(* Every equation between composites in the suspension is either vacuous
   (a cell of the empty category occurs), an equation between cells of the
   terminal category, or an instance of the projection equations. *)
Ltac susp_case :=
  first
  [ exfalso; match goal with c : _ |- _ => exact (tk_empty_cells K _ c) end
  | apply term_cells_eq
  | simpl; rewrite ?tk_proj_l_spec, ?tk_proj_r_spec, ?tk_id_spec; reflexivity ].

Definition susp (A : cat L) : SCat L.
Proof.
  refine (@Build_SCat L bool (susp_hom A) (susp_comp A) (susp_ident A) _ _ _).
  - intros w x y z k h g f; destruct w, x, y, z; susp_case.
  - intros x y k f; destruct x, y; susp_case.
  - intros x y k f; destruct x, y; susp_case.
Defined.

(* Σ A is gaunt when A is: its only invertible 1-cells are identities, since
   there are no 1-cells false -> true, and its hom-categories are gaunt. *)
Lemma susp_gaunt (A : cat L) : gaunt L A -> sgaunt L (susp A).
Proof.
  intros HA. split.
  - intros x y f Hf. destruct x, y.
    + simpl in f |- *. rewrite (term_cells_eq T 0 f (term_pt T)). reflexivity.
    + exfalso. destruct Hf as [g _]. exact (tk_empty_cells K 0 g).
    + exfalso. exact (tk_empty_cells K 0 f).
    + simpl in f |- *. rewrite (term_cells_eq T 0 f (term_pt T)). reflexivity.
  - intros x y; destruct x, y; simpl; [apply term_gaunt | exact HA | apply tk_empty_gaunt | apply term_gaunt].
Qed.

Definition susp_map_hom (A B : cat L) (F : fn L A B) (x y : bool) :
    fn L (susp_hom A x y) (susp_hom B x y) :=
  match x, y return fn L (susp_hom A x y) (susp_hom B x y) with
  | true, true => tk_id K _
  | true, false => F
  | false, true => tk_empty_fun K _
  | false, false => tk_id K _
  end.

Definition susp_map (A B : cat L) (F : fn L A B) : SFun L (susp A) (susp B).
Proof.
  refine (@Build_SFun L (susp A) (susp B) (fun b => b) (susp_map_hom A B F) _ _).
  - intros x y z k g f; destruct x, y, z; susp_case.
  - intros x; destruct x; apply term_cells_eq.
Defined.

Definition susp_cell (A : cat L) (k : nat) (c : cells L A k) : scells L (susp A) (S k) :=
  existT (fun x => {y : bool & cells L (susp_hom A x y) k}) true (existT _ false c).

Lemma susp_map_cell (A B : cat L) (F : fn L A B) (k : nat) (c : cells L A k) :
  @fapp (succ L) _ _ (susp_map A B F) (S k) (susp_cell A k c) = susp_cell B k (fapp F k c).
Proof. reflexivity. Qed.

Lemma susp_cell_inj (A : cat L) (k : nat) (c d : cells L A k) :
  susp_cell A k c = susp_cell A k d -> c = d.
Proof.
  intros H. apply inj_pair2_eq_dec in H; [|exact bool_dec].
  apply inj_pair2_eq_dec in H; [|exact bool_dec]. exact H.
Qed.

(* For objects x, y of X, the functor Σ X(x,y) -> X sending true, false to
   x, y, acting as the identity on X(x,y) and picking identities on the
   endo-hom-categories: every cell of X of dimension >= 1 lies in its image. *)
Definition classify_obj (X : SCat L) (x y : obj L X) (b : bool) : obj L X :=
  if b then x else y.

Definition classify_hom (X : SCat L) (x y : obj L X) (b b' : bool) :
    fn L (susp_hom (hom L X x y) b b') (hom L X (classify_obj X x y b) (classify_obj X x y b')) :=
  match b, b' return fn L (susp_hom (hom L X x y) b b')
                          (hom L X (classify_obj X x y b) (classify_obj X x y b')) with
  | true, true => tk_const K _ (ident L X x)
  | true, false => tk_id K _
  | false, true => tk_empty_fun K _
  | false, false => tk_const K _ (ident L X y)
  end.

Definition classify (X : SCat L) (x y : obj L X) : SFun L (susp (hom L X x y)) X.
Proof.
  refine (@Build_SFun L (susp (hom L X x y)) X (classify_obj X x y) (classify_hom X x y) _ _).
  - intros a b c k g f; destruct a, b, c; susp_case ||
      (simpl; rewrite ?tk_proj_l_spec, ?tk_proj_r_spec, ?tk_id_spec, ?tk_const_spec;
       first [symmetry; apply comp_lunit | symmetry; apply comp_runit]).
  - intros a; destruct a; simpl; rewrite tk_const_spec; reflexivity.
Defined.

Lemma classify_cell (X : SCat L) (x y : obj L X) (k : nat) (c : cells L (hom L X x y) k) :
  @fapp (succ L) _ _ (classify X x y) (S k) (susp_cell (hom L X x y) k c)
  = existT (fun a => {b : obj L X & cells L (hom L X a b) k}) x (existT _ y c).
Proof. simpl. rewrite tk_id_spec. reflexivity. Qed.

End Suspension.

Definition transport_hom_fun (L : Level) (C : SCat L) (D : cat L) (u' v' u v : obj L C)
    (e1 : u' = u) (e2 : v' = v) (F : fn L D (hom L C u' v')) : fn L D (hom L C u v) :=
  match e1 in _ = u return fn L D (hom L C u v) with
  | eq_refl => match e2 in _ = v return fn L D (hom L C u' v) with eq_refl => F end
  end.

Lemma transport_hom_fun_cell (L : Level) (C : SCat L) (D : cat L) (u' v' u v : obj L C)
    (e1 : u' = u) (e2 : v' = v) (F : fn L D (hom L C u' v')) (k : nat) (c : cells L D k) :
  existT (fun x => {y : obj L C & cells L (hom L C x y) k}) u' (existT _ v' (fapp F k c))
  = existT _ u (existT _ v (fapp (transport_hom_fun L C D u' v' u v e1 e2 F) k c)).
Proof. destruct e1, e2. reflexivity. Qed.

Definition natural_endo (n : nat) (eta : forall X : GauntCat n, nFun (proj1_sig X) (proj1_sig X))
  : Prop :=
  forall (X Y : GauntCat n) (F : nFun (proj1_sig X) (proj1_sig Y)) (k : nat)
    (c : nCells (proj1_sig X) k),
    nfapp F k (nfapp (eta X) k c) = nfapp (eta Y) k (nfapp F k c).

Definition identity_endo (n : nat) (eta : forall X : GauntCat n, nFun (proj1_sig X) (proj1_sig X))
  : Prop :=
  forall (X : GauntCat n) (k : nat) (c : nCells (proj1_sig X) k), nfapp (eta X) k c = c.

(* For sets, naturality with respect to the constant map at c forces eta(c) = c. *)
Lemma natural_endo_level0 (eta : forall X : GauntCat 0, nFun (proj1_sig X) (proj1_sig X)) :
  natural_endo 0 eta -> identity_endo 0 eta.
Proof.
  intros eta_natural X k c. symmetry. exact (eta_natural X X (fun _ => c) k c).
Qed.

Section SuccessorLevel.
Variable m : nat.
Variable eta : forall X : GauntCat (S m), nFun (proj1_sig X) (proj1_sig X).
Hypothesis eta_natural : natural_endo (S m) eta.
Local Notation L := (level m).
Local Notation K := (toolkit m).

(* Naturality with respect to the functor 1 -> X picking x gives eta(x) = x. *)
Lemma eta_fixes_objects (X : GauntCat (S m)) (x : obj L (proj1_sig X)) :
  fo L _ _ (eta X) x = x.
Proof.
  set (T := tk_term (toolkit (S m))).
  pose (pt := exist (fun Y : nCat (S m) => is_gaunt Y) (term T) (term_gaunt T)).
  pose proof (eta_natural pt X (tk_const (toolkit (S m)) _ x) 0 (term_pt T)) as H.
  unfold nfapp in H. rewrite !(tk_const_spec (toolkit (S m))) in H.
  exact (eq_sym H).
Qed.
Lemma uncolored_configK : cancel uncolored_config present_edges.
Proof. by move=> E; apply/setP => e; rewrite inE ffunE; case: (e \in E). Qed.

Lemma covers_uncolored_config E f :
  covers (uncolored_config E) f = (forget f \subset E).
Proof.
apply/forallP/subsetP => [covf e|sfE e].
  rewrite inE => fe; move: (covf e); rewrite fe ffunE.
  by case: (e \in E); case: (f e) fe.
by apply/implyP => fe; rewrite ffunE sfE ?inE.
Qed.

Lemma good_uncolored_config E :
  good (uncolored_config E) = is_khyper k E && [exists E' in uncolored CC, E' \subset E].
Proof.
congr (_ && _).
  apply/forallP/subsetP => [absE e eE|sEk e].
    by apply/negPn/negP => /negbTE ek; move: (absE e); rewrite ek ffunE eE.
  by rewrite ffunE; case: (boolP (e \in E)) => [/sEk ->|]; rewrite ?eqxx ?implybT.
apply/existsP/existsP => [[f /andP[fC]]|[_ /andP[/imsetP[f fC ->]]]].
  by rewrite covers_uncolored_config => sfE; exists (forget f); rewrite imset_f.
by rewrite -covers_uncolored_config => covf; exists f; rewrite fC.
Qed.

Lemma hybrid_weight_uncolored_config E : is_khyper k E ->
  hybrid_weight set0 (uncolored_config E) =
  p ^+ #|E| * (1 - p) ^+ (#|ksets n k| - #|E|).
Proof.
move=> sEk; rewrite /hybrid_weight (bigID (mem E)) /=.
rewrite (eq_bigl (fun e => e \in E)) => [|e]; last by rewrite andb_idl //; exact: subsetP.
rewrite [X in _ * X](eq_bigl (fun e => e \in ksets n k :\: E)) => [|e]; last first.
  by rewrite !inE andbC.
rewrite (eq_bigr (fun=> p)) => [|e eE]; last by rewrite in_set0 ffunE eE.
rewrite [X in _ * X](eq_bigr (fun=> 1 - p)) => [|e]; last first.
  by rewrite inE in_set0 ffunE => /andP[/negbTE ->].
by rewrite !prodr_const cardsD (setIidPr sEk).
Qed.

Lemma hybrid_prob_set0 :
  hybrid_prob set0 = prob_unc k p (fun H => [exists E in uncolored CC, E \subset H]).
Proof.
rewrite (@hybrid_prob_restrict is_uncolored) => [|g goodg]; last first.
  case/forallPn => e; rewrite negb_or => /andP[ge ge'].
  rewrite /hybrid_weight (bigD1 e) ?(good_in_ksets goodg) //= in_set0.
  by move: ge ge'; case: (g e) => [[a|]|] //= _ _; rewrite mul0r.
rewrite (reindex_onto uncolored_config present_edges) => [|g]; last first.
  case/andP => _ /forallP uncg; apply/ffunP => e; rewrite !ffunE inE.
  by move: (uncg e); case: (g e) => [[a|]|].
apply: eq_big => E; rewrite good_uncolored_config.
  by rewrite is_uncolored_config uncolored_configK eqxx !andbT.
by case/andP => /andP[/andP[sEk _] _] _; exact: hybrid_weight_uncolored_config.
Qed.

Definition colored_config (F : colhyp n c) : config := [ffun e => Some (F e)].

Definition is_colored (g : config) : bool := [forall e, g e != None].

Definition config_colors (g : config) : colhyp n c := [ffun e => odflt None (g e)].

Lemma is_colored_config F : is_colored (colored_config F).
Proof. by apply/forallP => e; rewrite ffunE. Qed.

Lemma colored_configK : cancel colored_config config_colors.
Proof. by move=> F; apply/ffunP => e; rewrite !ffunE. Qed.

Lemma good_colored_config F :
  good (colored_config F) = is_kcol k F && [exists f in CC, contains_col F f].
Proof.
congr (_ && _).
  apply: eq_forallb => e; rewrite ffunE.
  by case: (e \in ksets n k); case: (F e) => //=; rewrite ?implybT.
by apply: eq_existsb => f; congr (_ && _); apply: eq_forallb => e; rewrite ffunE.
Qed.

Lemma hybrid_weight_colored_config F :
  hybrid_weight (ksets n k) (colored_config F) =
  \prod_(e in ksets n k) (if F e is Some _ then q / c%:R else 1 - q).
Proof. by apply: eq_bigr => e ek; rewrite ek ffunE; case: (F e). Qed.

Lemma hybrid_prob_ksets :
  hybrid_prob (ksets n k) = prob_col k q (fun F => [exists f in CC, contains_col F f]).
Proof.
rewrite (@hybrid_prob_restrict is_colored) => [|g goodg]; last first.
  case/forallPn => e; rewrite negbK => /eqP ge.
  have ek : e \in ksets n k by rewrite (good_in_ksets goodg) ?ge.
  by rewrite /hybrid_weight (bigD1 e) //= ek ge mul0r.
rewrite (reindex_onto colored_config config_colors) => [|g]; last first.
  case/andP => _ /forallP colg; apply/ffunP => e; rewrite !ffunE.
  by move: (colg e); case: (g e).
apply: eq_big => F; rewrite good_colored_config.
  by rewrite is_colored_config colored_configK eqxx !andbT.
by move=> _; exact: hybrid_weight_colored_config.
Qed.

Lemma prob_unc_le_prob_col :
  prob_unc k p (fun H => [exists E in uncolored CC, E \subset H])
  <= prob_col k q (fun F => [exists f in CC, contains_col F f]).
Proof. by rewrite -hybrid_prob_set0 -hybrid_prob_ksets; exact: hybrid_prob_set0_le. Qed.

End HybridModel.

Theorem theorem2 (R : realFieldType) (n : nat) (p : R) (l c k : nat)
  (CC : {set colhyp n c}) :
  0 <= p -> p <= 1 ->
  (0 < l)%N -> (0 < c)%N ->
  c%:R * p / l%:R <= 1 ->
  (0 < k)%N ->
  (forall f, f \in CC -> is_kcol k f) ->
  rich l CC ->
  prob_unc k p (fun H => [exists E in uncolored CC, E \subset H])
  <= prob_col k (c%:R * p / l%:R)
       (fun F => [exists f in CC, contains_col F f]).
Proof.
move=> p_ge0 p_le1 l_gt0 c_gt0 q_le1 _ _ richCC.
exact: prob_unc_le_prob_col.
Qed.
(* Let $T$ be an MFQST with degree bound $\phi\ge3$. Then every source $z$ of $T$ has degree at most $\phi-1$. Moreover, suppose $z$ has degree exactly $\phi-1$, with in-neighbours $u_1,\dots,u_r$ and out-neighbour $y$. Let $$C=\frac{z+\sum_{i} f(u_iz)\,u_i}{1+\sum_i f(u_iz)}$$ be the centre of mass of $z$ (with mass $1$, its supply) and its in-neighbours (each weighted by the flow on its edge to $z$). Then $z=(C+y)/2$.
   Context: Let $Z=\{z_1,\dots,z_n\}\subset\mathbb{R}^2$ ($n\ge 1$) be a set of sources and $z_{BS}\in\mathbb{R}^2\setminus Z$ a sink; each source has supply $1$. A flow-dependent quadratic Steiner tree (FQST) consists of a finite set $S\subset\mathbb{R}^2$ of Steiner points and a tree $T$ with vertex set $Z\cup S\cup\{z_{BS}\}$ whose edges are directed towards $z_{BS}$. Every node other than the sink has exactly one out-edge, and the sink has none. Each edge $e$ carries a positive flow $f(e)$ such that: - at each source, the flow on its out-edge minus the total flow on its in-edges equals $1$; - at each Steiner point, the out-flow equals the total in-flow; - the sink receives total flow $n$. The cost is $L(T)=\sum_{e\in E(T)} f(e)|e|^2$. An MFQST with degree bound $\phi$ is an FQST minimising $L$ among all FQSTs (any finite $S$, any topology) in which every Steiner point has degree at least $\phi$. In-neighbours of a node are the tails of its in-edges; its out-neighbour is the head of its out-edge. *)

From Stdlib Require Import Reals Lra Lia Arith List.
Open Scope R_scope.

Definition pt : Type := (R * R)%type.
Definition padd (p q : pt) : pt := (fst p + fst q, snd p + snd q).
Definition pscale (a : R) (p : pt) : pt := (a * fst p, a * snd p).
Definition sq_dist (p q : pt) : R := (fst p - fst q) ^ 2 + (snd p - snd q) ^ 2.

Definition sumR (l : list R) : R := fold_right Rplus 0 l.
Definition sumP (l : list pt) : pt := fold_right padd (0, 0) l.

(** Vertex indexing convention:
      0 .. n-1          : sources (position z i)
      n .. n+m-1        : Steiner points (position spos (v - n))
      n+m               : the sink zBS.
    Every non-sink vertex v has exactly one out-edge v -> par v, carrying
    flow [flow v]. *)
Record fqst : Type := MkFqst {
  nsteiner : nat;
  spos : nat -> pt;
  par : nat -> nat;
  flow : nat -> R
}.

Section Defs.
Variables (n : nat) (z : nat -> pt) (zBS : pt).

Definition sink (T : fqst) : nat := (n + nsteiner T)%nat.

Definition vpos (T : fqst) (v : nat) : pt :=
  if Nat.ltb v n then z v
  else if Nat.ltb v (n + nsteiner T) then spos T (v - n)
  else zBS.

+ + +

TASK DETAILS: Check all the records above and select each line where the string "categories" is found.

THE ANSWER:
   there are no 1-cells false -> true, and its hom-categories are gaunt. *)
   endo-hom-categories: every cell of X of dimension >= 1 lies in its image. *)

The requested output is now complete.